Divide the class into four teams. Assign each team one of the following genes: FOXP2, hemoglobin blastoff, eyeless, and sonic hedgehog. Have students visit the Kyoto Encyclopedia of Genes and Genomes and look up their cistron's amino acid sequence in humans. Have students research how many of the six species from their handouts share this gene with humans; for all cases in which species share the gene, have students write downwardly the offset ten amino acids listed in the database. Then have students prepare a brusque study about the cistron, how much similarity they discovered between humans and other species, and what scientists know virtually the gene's office.

Assessment
Activity answers:
Human being-tuna: ____21___
Human: gray whale ___9____
Human: snapping turtle: ____15___
Human-rhesus monkey: ___1__
Homo: chicken/turkey: ___13____
Human: neurospora (a type of bread mold): __51_______

Educatee Handout Questions

1. Based on the amino acrid sequence data you nerveless, which organism are humans well-nigh closely related to? Which organisms are humans virtually distantly related to? Explain your reasoning.
   Humans are most closely related to the monkey; there is only i amino acrid departure between the two. Humans are most distantly related to Neurospora; in that location are 51 amino acid differences between the two.
2. What additional data or data might help you confirm the statement you made above?
   Information from other genes would strengthen the argument; we also could use fossil evidence or physical show such as similarity in physical structures and features.
3. Does your answer to Question 1 to a higher place match the prediction you made in Step two of the Procedure? Explain your answer.
   Answers will vary; expect for show that students compare their answers and explain why they are the same, or why they are different.
4. Explain how amino acid sequence data tin help scientists infer patterns of evolutionary relationships between species.
   An amino acid is one of the building blocks of a protein. A cistron's Dna sequence determines the club of amino acids that make upward a poly peptide, so changes in the DNA sequence oft result in changes in the amino acid sequence equally well. By looking for amino acid sequence differences betwixt species, scientists can infer how closely or distantly related two species are in evolutionary time.

Use the post-obit rubric to assess each team's work.

	Splendid	Satisfactory	Needs comeback
Completing handouts and participating in discussion	Students clearly empathise how molecular evidence relates to inferring patterns of development Students ask follow-upwards questions showing creativity and disquisitional thinking	Students miscount amino acrid difference between species and practice not make a connection between molecular prove and patterns of evolution	Students make little effort to consummate handouts or participate in give-and-take.

The "Bird Brains" activity aligns with the following National Science Pedagogy Standards (encounter books.nap.edu/html/nses).

Grades 9-12
Content Standard C
Life Science

• Molecular footing of heredity

Content Standard F
Science in Personal and Social Perspectives

• Personal and Community Health

Classroom Activity Author

Jennifer Cutraro and WGBH Educational Outreach Staff

Jennifer Cutraro has 12 years of experience in scientific discipline writing and education.
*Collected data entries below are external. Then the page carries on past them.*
(* Let $\mathcal{G}$ be a MAG and let $H_1,H_2,H$ be heads with maximal vertex $i$ such that $H_1\to^KH$ and $H_2\to^LH$ for some $K,L$. Then $H_3=\mathrm{barren}(H_1\cup H_2)$ is a head and $H_3\to^{K'}H$ for $K'=H_3\setminus H$.
   Context: A MAG is an acyclic directed mixed graph (directed and bidirected edges, no directed cycles) with $\mathrm{sib}(v)\cap\mathrm{an}(v)=\emptyset$ for all $v$ and in which every nonadjacent pair is m-separated by some set. Vertices are numbered topologically. $\mathrm{barren}_{\mathcal{G}'}(W)=\{w\in W:\mathrm{de}_{\mathcal{G}'}(w)\cap W=\{w\}\}$ (with $\mathrm{barren}=\mathrm{barren}_{\mathcal{G}}$); a nonempty $H$ is a head if $\mathrm{barren}(H)=H$ and $H$ lies in one district (bidirected-connected component) of $\mathcal{G}_{\mathrm{an}(H)}$. For a head $H$ with maximal vertex $i$ and $\emptyset\ne K\subseteq H\setminus\{i\}$, $H\to^KH'$ means $H'=\mathrm{barren}_{\mathcal{G}'}(\mathrm{dis}_{\mathcal{G}'}(i))$ where $\mathcal{G}'=\mathcal{G}_{\mathrm{an}(H)\setminus K}$. *)

(* Mixed graphs on the vertex type 'I_n:
   d u v  <-> u -> v (directed edge),  b u v <-> u <-> v (bidirected edge). *)
From mathcomp Require Import all_boot.
Set Implicit Arguments. Unset Strict Implicit. Unset Printing Implicit Defensive.

Section MixedGraphs.
Variable T : finType.

Definition restr (A : {set T}) (e : rel T) : rel T :=
  fun u v => [&& u \in A, v \in A & e u v].

Definition anc (d : rel T) (W : {set T}) : {set T} :=
  [set u | [exists w in W, connect d u w]].

Definition desc (d : rel T) (w : T) : {set T} := [set x | connect d w x].

Definition barren (d : rel T) (W : {set T}) : {set T} :=
  [set w in W | desc d w :&: W == [set w]].

Definition dis (b : rel T) (A : {set T}) (i : T) : {set T} :=
  [set v | connect (restr A b) i v].

Definition adj (d b : rel T) (x y : T) : bool := [|| d x y, d y x | b x y].
Definition arrowhead (d b : rel T) (x y : T) : bool := d x y || b x y.
Definition collider (d b : rel T) (x y z : T) : bool :=
  arrowhead d b x y && arrowhead d b z y.

Fixpoint triples_ok (d b : rel T) (Z : {set T}) (x y : T) (s : seq T) : bool :=
  match s with
  | [::] => true
  | z :: s' =>
      (if collider d b x y z then y \in anc d Z else y \notin Z)
      && triples_ok d b Z y z s'
  end.

Definition inner_ok (d b : rel T) (Z : {set T}) (u : T) (p : seq T) : bool :=
  if p is y :: s then triples_ok d b Z u y s else true.

Definition m_connected (d b : rel T) (Z : {set T}) (u v : T) : Prop :=
  exists p : seq T,
    [/\ last u p = v, uniq (u :: p), path (adj d b) u p & inner_ok d b Z u p].

Definition m_separated (d b : rel T) (Z : {set T}) (u v : T) : Prop :=
  [/\ u \notin Z, v \notin Z & ~ m_connected d b Z u v].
She has written text and ancillaries for Houghton Mifflin, K¹², and Delta Teaching and has taught science and environmental education at science centers beyond the country. She likewise contributes news and characteristic stories about science and health to media outlets including The Los Angeles Times, The Boston Globe, Science News for Kids and Scholastic Science World.

Funding for NOVA scienceNOW is provided past Pfizer, the National Science Foundation, the Howard Hughes Medical Institute, the Alfred P. Sloan Foundation, and public idiot box viewers.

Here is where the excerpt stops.